Hydrogen Sulfide Inhibits Rotenone-Induced Apoptosis via Preservation of Mitochondrial Function

Hydrogen sulfide (H2S) has been proposed as a novel neuro-modulator, which plays critical roles in the central nervous system affecting both neurons and glial cells. However, its relationship with neurodegenerative diseases is unexplored. The present study was undertaken to investigate the effects of H2S on cell injury induced by rotenone, a commonly used toxin in establishing in vivo and in vitro Parkinson's disease (PD) models, in human-derived dopaminergic neuroblastoma cell line (SH-SY5Y). We report here that sodium hydrosulfide (NaHS), an H2S donor, concentration-dependently suppressed rotenone-induced cellular injury and apoptotic cell death.

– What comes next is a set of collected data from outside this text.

Lemma rowsum_Amat r i : \sum_k W r i k = 1 -> rowsum (Amat g (W r)) i = 1.
Proof.
move=> W1; rewrite /rowsum (eq_bigr (fun j => (1 - g) *+ (i == j) + g * W r i j)).
  by rewrite big_split /= sum_kronecker -mulr_sumr W1 mulr1 subrK.
by move=> j _; rewrite /Amat !mxE ger0_norm // addr_ge0 ?mulrn_wge0 ?mulr_ge0.
Qed.

End Averaging.

Lemma rowsum_Bmat (R : realFieldType) (N : nat) (H W : 'M[R]_N) (i : 'I_N) :
  (forall i k, 0 <= W i k) -> (forall i, \sum_k W i k = 1) ->
  rowsum (Bmat H W) i <= 2 * norm1inf H.
Proof.
move=> W0 W1; rewrite /Bmat rowsum_opp mulrC.
have hIW t : rowsum (1%:M - W) t <= 2.
  apply: le_trans (rowsum_add _ _ _) _; rewrite rowsum1 rowsum_opp.
  by rewrite /rowsum (eq_bigr (W t)) ?W1 // => k _; rewrite ger0_norm.
apply: le_trans (rowsum_mul _ _ hIW) _.
by rewrite ler_wpM2r ?rowsum_le_norm1inf.
Qed.

Section BatchWeights.
Variables (R : realFieldType) (N d P : nat) (omega : weightfun R N d).
Variable (Bt : nat -> {set {set 'I_N}}).
Hypotheses (homega : weights_ok omega) (hBt : forall n, batch_partition P (Bt n)).

Lemma Wmat_ge0 r X i k : 0 <= Wmat omega Bt r X i k.
Proof. by case: homega => w0 _ _; rewrite mxE w0. Qed.

Lemma Wmat_rowsum r X i : \sum_k Wmat omega Bt r X i k = 1.
Proof.
case: homega => _ w1 w2; under eq_bigr do rewrite mxE.
have iS : i \in batch_of Bt r i.
  rewrite mem_pblock; case/and4P: (hBt r) => /and3P[/eqP -> _ _] _ _ _.
  by rewrite in_setT.
rewrite (bigID (mem (batch_of Bt r i))) /= [X in _ + X]big1 ?addr0.
  by apply: w1; apply/set0Pn; exists i.
by move=> j /w2.
Qed.

Lemma Wmat_same_batch r X i j k :
  batch_of Bt r i = batch_of Bt r j -> Wmat omega Bt r X i k = Wmat omega Bt r X j k.
Proof. by move=> e; rewrite !mxE e. Qed.

End BatchWeights.
(* Let $M$ be a loopless binary matroid on an $n$-element ground set $S$, of rank $r$. 1. If the ground set $S$ is colored with exactly $r$ colors (every color being used), then $M$ contains a rainbow colored circuit or a monochromatic cut. 2. If the ground set $S$ is colored with exactly $n-r$ colors (every color being used), then $M$ contains a rainbow colored cut or a monochromatic circuit.
   Context: A coloring of $S$ is a partition of $S$ into nonempty color classes. A subset of $S$ is rainbow colored if no two of its elements have the same color, and monochromatic if all its elements have the same color. A cut of a matroid is an inclusionwise minimal subset of the ground set intersecting every basis (equivalently, a circuit of the dual matroid). A matroid is binary if it is representable over $GF(2)$. *)

From HB Require Import structures.
From mathcomp Require Import all_boot all_order all_algebra.
Set Implicit Arguments. Unset Strict Implicit. Unset Printing Implicit Defensive.
Import GRing.Theory.

Record matroid (S : finType) := Matroid {
  indep : {set S} -> bool;
  indep0 : indep set0;
  indep_sub : forall A B : {set S}, A \subset B -> indep B -> indep A;
  indep_exchange : forall A B : {set S}, indep A -> indep B -> #|A| < #|B| ->
    exists2 x, x \in B :\: A & indep (x |: A)
}.

Section MatroidNotions.
Variables (S : finType) (M : matroid S).

Definition basis (B : {set S}) : bool := maxset (indep M) B.

Definition circuit (C : {set S}) : bool := minset (fun X => ~~ indep M X) C.

Definition meets_all_bases (X : {set S}) : bool :=
  [forall B : {set S}, basis B ==> (X :&: B != set0)].
Definition cut (X : {set S}) : bool := minset meets_all_bases X.

Definition mrank : nat := \max_(A : {set S} | indep M A) #|A|.

Definition loopless : Prop := forall x : S, indep M [set x].

(* binary: representable over GF(2): there is a family of vectors v_x in
   GF(2)^m such that A is independent iff (v_x)_{x in A} is linearly
   independent (as a family, so repeated vectors count as dependent). *)
Definition binary : Prop :=
  exists (m : nat) (v : S -> 'rV['F_2]_m),
    forall A : {set S}, indep M A = free [seq v x | x in A].
End MatroidNotions.

(* A coloring with exactly k colors (all used): a surjection S -> 'I_k;
   color classes are the fibres. *)
Definition coloring (S : finType) (k : nat) (c : S -> 'I_k) : Prop :=
  forall i : 'I_k, exists x : S, c x = i.

Definition rainbow (S : finType) (k : nat) (c : S -> 'I_k) (A : {set S}) : Prop :=
  {in A &, injective c}.

Definition monochromatic (S : finType) (k : nat) (c : S -> 'I_k) (A : {set S}) : Prop :=
  {in A &, forall x y, c x = c y}.

(* Fix a transversal t of the colour classes.  With r colours and no rainbow
   circuit, the image of every transversal is a basis; with n - r colours and no
   rainbow cut, its complement is.  Over GF(2) the basis built from t yields a
   0/1 matrix lam (colours x elements): the fundamental cocircuits of the basis
   in the first case, the fundamental circuits of the complementary basis in
   the second.  Exchanging t on a set Y of colours for another transversal e
   keeps a basis, so no square submatrix (lam b (e a))_{a,b in Y} can have all
   row and column sums zero; in particular lam (c y) y = 1.
   Combinatorially this forces some row b to vanish outside the class of b:
   otherwise every colour a has an in-neighbour in the digraph "row b has a
   nonzero entry of colour a", a minimal predecessor-closed set of colours
   induces a disjoint union of directed cycles, and choosing the witnessing
   entries gives a forbidden submatrix with exactly two ones in each row and
   column.  That row is a cocycle (resp. a cycle) through t b inside the class
   of b, so the class meets every basis and contains a cut (resp. is dependent
   and contains a circuit), which is monochromatic. *)

From mathcomp Require Import all_boot all_order all_algebra.
From mathcomp Require Import zify.
From Stdlib Require Import Classical_Prop.
Set Implicit Arguments. Unset Strict Implicit. Unset Printing Implicit Defensive.
Import GRing.Theory.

NaHS also prevented rotenone-induced p38- and c-Jun NH2-terminal kinase (JNK)-mitogen-activated protein kinase (MAPK) phosphorylation and rotenone-mediated changes in Bcl-2/Bax levels, mitochondrial membrane potential (Delta Psi(m)) dissipation, cytochrome c release, caspase-9/3 activation and poly(ADP-ribose) polymerase cleavage. Furthermore, 5-hydroxydecanoate, a selective blocker of mitochondrial ATP-sensitive potassium (mitoK(ATP)) channel, attenuated the protective effects of NaHS against rotenone-induced-cell apoptosis. Thus, we demonstrated for the first time that H2S inhibited rotenone-induced cell apoptosis via regulation of mitoK(ATP) channel/ p38- and JNK-MAPK pathway. Our data suggest that H2S may have potential therapeutic value for neurodegenerative diseases, such as PD.